● Input records:
(* [w] is [e_j0] minus the solution [Y] of [M Y = A_(f, j0)], placed on the columns [g];
   by Cramer's rule its entries are minors of [A], and the singular extended minors
   (Schur complement) give [A w = 0]. *)
Lemma tu_minor_kernel_vector k (f : 'I_k -> 'I_d) (g : 'I_k -> 'I_n) (j0 : 'I_n) :
  injective f -> injective g -> \det (mxsub f g A) != 0 -> (forall t, g t != j0) ->
  (forall f' : 'I_(k + 1) -> 'I_d, injective f' ->
     \det (mxsub f' (ext_last g j0) A) = 0) ->
  exists w : 'cV[int]_n, [/\ A *m w = 0, forall i, `|w i 0| <= 1, w j0 0 = 1 &
    forall i, w i 0 != 0 -> i = j0 \/ exists t, g t = i].
Proof.
move=> injf injg detM gj0 singular.
set M := mxsub f g A in detM *; have detM2 := tu_minor_sqr injf injg detM.
pose Y : 'cV_k := \det M *: (\adj M *m \col_s A (f s) j0).
pose w : 'cV[int]_n := delta_mx j0 0 - \sum_t Y t 0 *: delta_mx (g t) 0.
have wE i : w i 0 = (i == j0)%:R - \sum_t Y t 0 * (i == g t)%:R.
  rewrite /w !mxE summxE eqxx andbT; congr (_ - _).
  by apply: eq_bigr => t _; rewrite !mxE eqxx andbT.
have Yb t : `|Y t 0| <= 1.
  have injgt : injective (fun s => if s == t then j0 else g s).
    move=> s1 s2; case: (s1 =P t) => [->|_]; case: (s2 =P t) => [->|_] //.
    - by move=> E; move: (gj0 s2); rewrite E eqxx.
    - by move=> E; move: (gj0 s1); rewrite E eqxx.
    - exact: injg.
  by rewrite /Y mxE adj_mul_col_mxsub; apply: unit_mul_le1 detM2 (tuA injf injgt).
exists w; split.
- apply/matrixP => r j; rewrite (ord1 j) [RHS]mxE.
  have -> : (A *m w) r 0 = A r j0 - \sum_t Y t 0 * A r (g t).
    rewrite /w mulmxBr mulmx_sumr -colE !mxE summxE; congr (_ - _).
    by apply: eq_bigr => t _; rewrite -scalemxAr -colE !mxE.
  have det_ext : \det (mxsub (ext_last f r) (ext_last g j0) A) = 0.
    case: (boolP (injectiveb (ext_last f r))) => [/injectiveP|/injectivePn [i1 [i2 ne E]]].
      exact: singular.
    by apply: (determinant_alternate ne) => j'; rewrite !mxE E.
  move: det_ext; rewrite mxsub_ext_last det_block_unit // -/M -/Y => /eqP.
  rewrite mulf_eq0 (negbTE detM) /= subr_eq0 mxE => /eqP ->.
  by apply/eqP; rewrite mxE subr_eq0; apply/eqP/eq_bigr => t _; rewrite mxE mulrC.
- move=> i; rewrite wE.
  case: (boolP [exists t, g t == i]) => [/existsP [t0 /eqP <-]|/existsPn not_gi].
    by rewrite sum_delta_image // (negbTE (gj0 t0)) sub0r normrN.
  rewrite sum_delta_notin_image ?subr0; last by move=> t; apply: not_gi.
  by case: (i == j0); rewrite ?normr1 ?normr0.
- by rewrite wE eqxx sum_delta_notin_image ?subr0.
- move=> i; rewrite wE.
  case: (boolP [exists t, g t == i]) => [/existsP [t /eqP gt] _|/existsPn not_gi].
    by right; exists t.
  rewrite sum_delta_notin_image ?subr0; last by move=> t; apply: not_gi.
  by case: (i =P j0) => [|_]; [left | rewrite eqxx].
Qed.
Lemma chiZ (k : K) x : k != 0 -> chi (k *: x) = chi x.
Proof.
move=> k_neq0; have [->|x_neq0] := eqVneq x 0; first by rewrite scaler0.
have chik : chi (k *: naone S) = Some 0.
  have := chiM (k *: naone S) (k^-1 *: naone S).
  rewrite namulZl namulZr namul1l scalerA divff // scale1r (chi1 (naone_neq0 x_neq0)).
  have := chi_scalar_ge0 k_neq0; have := chi_scalar_ge0 (invr_neq0 k_neq0).
  case: (chi (k *: _)) => [u|] //; case: (chi (k^-1 *: _)) => [v|] //= ? ? [] ?.
  by congr Some; lia.
rewrite -[in LHS](namul1l x) -namulZl chiM chik.
by case: (chi x) => //= u; rewrite add0r.
Qed.

Lemma chiN x : chi (- x) = chi x.
Proof. by rewrite -scaleN1r chiZ // oppr_eq0 oner_neq0. Qed.

Lemma chiD_eql x y : deglt (chi y) (chi x) -> chi (x + y) = chi x.
Proof.
move=> lt_yx; have le_sum : degle (chi (x + y)) (chi x).
  exact: degle_trans (chiD x y) (degmax_le (degle_refl _) (degltW lt_yx)).
have := chiD (x + y) (- y); rewrite addrK chiN /degmax.
case: (degle_eqVlt le_sum) => // lt_sum; case: ifP => _ le_x.
- by move: (degle_lt_trans le_x lt_yx); rewrite degltNge degle_refl.
- by move: (degle_lt_trans le_x lt_sum); rewrite degltNge degle_refl.
Qed.

End PseudoDegree.

Lemma mod_pigeonhole r l m (d : 'I_r -> nat) : (0 < m)%N -> (l * m < r)%N ->
  exists j, exists2 g : 'I_l.+1 -> 'I_r, injective g & forall k, (d (g k) %% m = j)%N.
Proof.
move=> m_gt0 lt_r; pose f i : 'I_m := Ordinal (ltn_pmod (d i) m_gt0).
have [j lt_l] : exists j, (l < #|[pred i | f i == j]|)%N.
  apply/existsP; apply: contraLR lt_r => /existsPn le_l; rewrite -leqNgt.
  rewrite -{1}[r]card_ord -sum1_card (partition_big f predT) //=.
  apply: (@leq_trans (\sum_(j < m) l)); last by rewrite big_const_ord iter_addn_0 mulnC.
  by apply: leq_sum => j _; rewrite sum1_card leqNgt le_l.
exists j, (fun k => enum_val (widen_ord lt_l k)).
  by move=> k1 k2 /enum_val_inj /(congr1 val) /= /val_inj.
by move=> k; exact: (congr1 val (eqP (enum_valP (widen_ord lt_l k)))).
Qed.

Section Centralizer.
Variables (K : fieldType) (S : naalg K) (chi : S -> option int) (a : S) (m l : nat).
Hypotheses (chi_pd : pseudo_degree chi) (a_nucleus : in_nucleus a).
Hypotheses (chi_a : chi a = Some m%:Z) (m_gt0 : (0 < m)%N).
Hypothesis centralizer_D : condD chi l (centralizer a).
Local Notation C := (centralizer a).

Lemma a_neq0 : a != 0.
Proof. by apply/eqP => a0; move: chi_a; rewrite a0 chi0. Qed.

Lemma chi_scalar_ge0 (k : K) : k != 0 -> degle (Some 0) (chi (k *: naone S)).
Proof.
have [ge0 _] := centralizer_D; move=> k_neq0; apply: ge0.
  by rewrite rpredZ // centralizer1.
by rewrite scaler_eq0 negb_or k_neq0 (naone_neq0 a_neq0).
Qed.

● Problem: Only one stretch of the data above is needed. Restate it word for word, from the line containing "- by move: (degle_lt_trans le_x lt_yx);" through the line containing "Variables (K : fieldType)", both ends included.

● Task result:
- by move: (degle_lt_trans le_x lt_yx); rewrite degltNge degle_refl.
- by move: (degle_lt_trans le_x lt_sum); rewrite degltNge degle_refl.
Qed.

End PseudoDegree.

Lemma mod_pigeonhole r l m (d : 'I_r -> nat) : (0 < m)%N -> (l * m < r)%N ->
  exists j, exists2 g : 'I_l.+1 -> 'I_r, injective g & forall k, (d (g k) %% m = j)%N.
Proof.
move=> m_gt0 lt_r; pose f i : 'I_m := Ordinal (ltn_pmod (d i) m_gt0).
have [j lt_l] : exists j, (l < #|[pred i | f i == j]|)%N.
  apply/existsP; apply: contraLR lt_r => /existsPn le_l; rewrite -leqNgt.
  rewrite -{1}[r]card_ord -sum1_card (partition_big f predT) //=.
  apply: (@leq_trans (\sum_(j < m) l)); last by rewrite big_const_ord iter_addn_0 mulnC.
  by apply: leq_sum => j _; rewrite sum1_card leqNgt le_l.
exists j, (fun k => enum_val (widen_ord lt_l k)).
  by move=> k1 k2 /enum_val_inj /(congr1 val) /= /val_inj.
by move=> k; exact: (congr1 val (eqP (enum_valP (widen_ord lt_l k)))).
Qed.

Section Centralizer.
Variables (K : fieldType) (S : naalg K) (chi : S -> option int) (a : S) (m l : nat).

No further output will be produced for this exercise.